The task: The records sit below. Return every line in them that holds the word "accepting".
· · · ·
(* Let $\Sigma$ be a non-empty finite or countably infinite alphabet, let $\mu_p$ be the probability map induced by a Bernoulli distribution $p$ on $\Sigma$, and let $\alpha\in\Sigma^\omega$ be $\mu_p$-distributed. The following are equivalent: (i) for every strongly connected DFA $A$ over $\Sigma$, if $A[\alpha]$ is infinite then $A[\alpha]$ is $\mu_p$-distributed; (ii) for every strongly connected DFA $A$ over $\Sigma$ and every $a\in\Sigma$, if $A[\alpha]$ is infinite then the limiting frequency $\lim_{N\to\infty}\#_a(A[\alpha]|_{\le N})/N$ exists and equals $p(a)$.
   Context: $\mu_p(a_1\cdots a_n)=\prod_i p(a_i)$ for $p:\Sigma\to[0,1]$ with $\sum_ap(a)=1$. $\#_w(v)$ counts occurrences of $w$ as a contiguous block in $v$; $\beta|_{\le N}$ is the length-$N$ prefix of $\beta$; $\beta\in\Sigma^\omega$ is $\mu_p$-distributed if $\lim_N\#_w(\beta|_{\le N})/N=\mu_p(w)$ for all $w\in\Sigma^+$. A DFA over $\Sigma$ has finitely many states, total transition function $\delta$, start state $q_s$ and accepting set $F$; $A[\alpha]$ is the subsequence of those $\alpha_i$ with $\delta^*(q_s,\alpha_1\cdots\alpha_{i-1})\in F$. $A$ is strongly connected if its underlying directed graph (edges $q\to\delta(q,a)$) is strongly connected. *)

From HB Require Import structures.
From mathcomp Require Import all_boot all_order all_algebra.
From mathcomp Require Import all_classical all_reals all_analysis.
Set Implicit Arguments. Unset Strict Implicit. Unset Printing Implicit Defensive.
Import Order.TTheory GRing.Theory Num.Theory numFieldNormedType.Exports.
Local Open Scope classical_set_scope.
Local Open Scope ring_scope.

Record dfa (Sigma : Type) := Dfa {
  state : finType;
  delta : state -> Sigma -> state;
  start : state;
  accept : {set state}
}.

Definition delta_star (Sigma : Type) (A : dfa Sigma) (q : state A) (w : seq Sigma)
  : state A := foldl (@delta Sigma A) q w.

Definition strongly_connected (Sigma : Type) (A : dfa Sigma) : Prop :=
  forall q q' : state A, exists w : seq Sigma, delta_star q w = q'.

Definition wprefix (Sigma : Type) (beta : nat -> Sigma) (N : nat) : seq Sigma :=
  [seq beta i | i <- iota 0 N].

Definition count_occ (Sigma : eqType) (w v : seq Sigma) : nat :=
  count (fun i => take (size w) (drop i v) == w) (iota 0 (size v)).

Definition mu (R : realType) (Sigma : Type) (p : Sigma -> R) (w : seq Sigma) : R :=
  \prod_(a <- w) p a.

Definition bernoulli_dist (R : realType) (Sigma : countType) (p : Sigma -> R) : Prop :=
  (forall a, 0 <= p a <= 1) /\ (\esum_(a in [set: Sigma]) (p a)%:E = 1%E).

Definition mu_distributed (R : realType) (Sigma : eqType) (p : Sigma -> R)
  (beta : nat -> Sigma) : Prop :=
  forall w : seq Sigma, w != [::] ->
    (fun N : nat => (count_occ w (wprefix beta N))%:R / N%:R : R) @ \oo --> (mu p w : R).

(* position i (0-indexed) is selected iff the state after reading
   alpha_0 ... alpha_{i-1} is accepting *)
Definition selected (Sigma : Type) (A : dfa Sigma) (alpha : nat -> Sigma) (i : nat) : bool :=
  delta_star (start A) (wprefix alpha i) \in accept A.

Definition sel_prefix (Sigma : Type) (A : dfa Sigma) (alpha : nat -> Sigma) (k : nat)
  : seq Sigma := [seq alpha i | i <- iota 0 k & selected A alpha i].

Definition sel_infinite (Sigma : Type) (A : dfa Sigma) (alpha : nat -> Sigma) : Prop :=
  forall n, exists k, (n < size (sel_prefix A alpha k))%N.

(* A[alpha] as an infinite word: its n-th letter is the n-th letter of any
   sufficiently long sel_prefix (these are prefixes of each other).  Only
   meaningful when A[alpha] is infinite; default alpha 0 otherwise. *)
Definition dfa_select (Sigma : Type) (A : dfa Sigma) (alpha : nat -> Sigma) (n : nat)
  : Sigma :=
  match pselect (exists k, (n < size (sel_prefix A alpha k))%N) with
  | left h => nth (alpha 0%N) (sel_prefix A alpha (ex_minn h)) n
  | right _ => alpha 0%N
  end.

(* (i) => (ii) is the case of one-letter words.  For (ii) => (i) fix A and
   beta := A[alpha], and prove by induction on |w| that w has density
   mu_p(w) in beta.  For w = u c, run A together with a memory recording which
   prefixes of u end the word A has selected so far; the product DFA D selects
   position i iff A does and the letters selected before end with u.  Thus
   D[alpha] is the subsequence of beta of the letters that follow an
   occurrence of u.  Once |u| letters are selected the memory depends only on
   the last |u| of them, so D (restricted to such settled configurations) is
   strongly connected and (ii) gives the frequency p(c) of c in D[alpha].
   Hence u c has density mu_p(u) * p(c); if u occurs only finitely often
   both densities vanish. *)

From HB Require Import structures.
From mathcomp Require Import all_boot all_order all_algebra.
From mathcomp Require Import all_classical all_reals all_analysis.
From mathcomp Require Import zify.
Set Implicit Arguments. Unset Strict Implicit. Unset Printing Implicit Defensive.
Import Order.TTheory GRing.Theory Num.Theory numFieldNormedType.Exports.
Local Open Scope classical_set_scope.
Local Open Scope ring_scope.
· · · ·
Task solution:
   Context: $\mu_p(a_1\cdots a_n)=\prod_i p(a_i)$ for $p:\Sigma\to[0,1]$ with $\sum_ap(a)=1$. $\#_w(v)$ counts occurrences of $w$ as a contiguous block in $v$; $\beta|_{\le N}$ is the length-$N$ prefix of $\beta$; $\beta\in\Sigma^\omega$ is $\mu_p$-distributed if $\lim_N\#_w(\beta|_{\le N})/N=\mu_p(w)$ for all $w\in\Sigma^+$. A DFA over $\Sigma$ has finitely many states, total transition function $\delta$, start state $q_s$ and accepting set $F$; $A[\alpha]$ is the subsequence of those $\alpha_i$ with $\delta^*(q_s,\alpha_1\cdots\alpha_{i-1})\in F$. $A$ is strongly connected if its underlying directed graph (edges $q\to\delta(q,a)$) is strongly connected. *)
   alpha_0 ... alpha_{i-1} is accepting *)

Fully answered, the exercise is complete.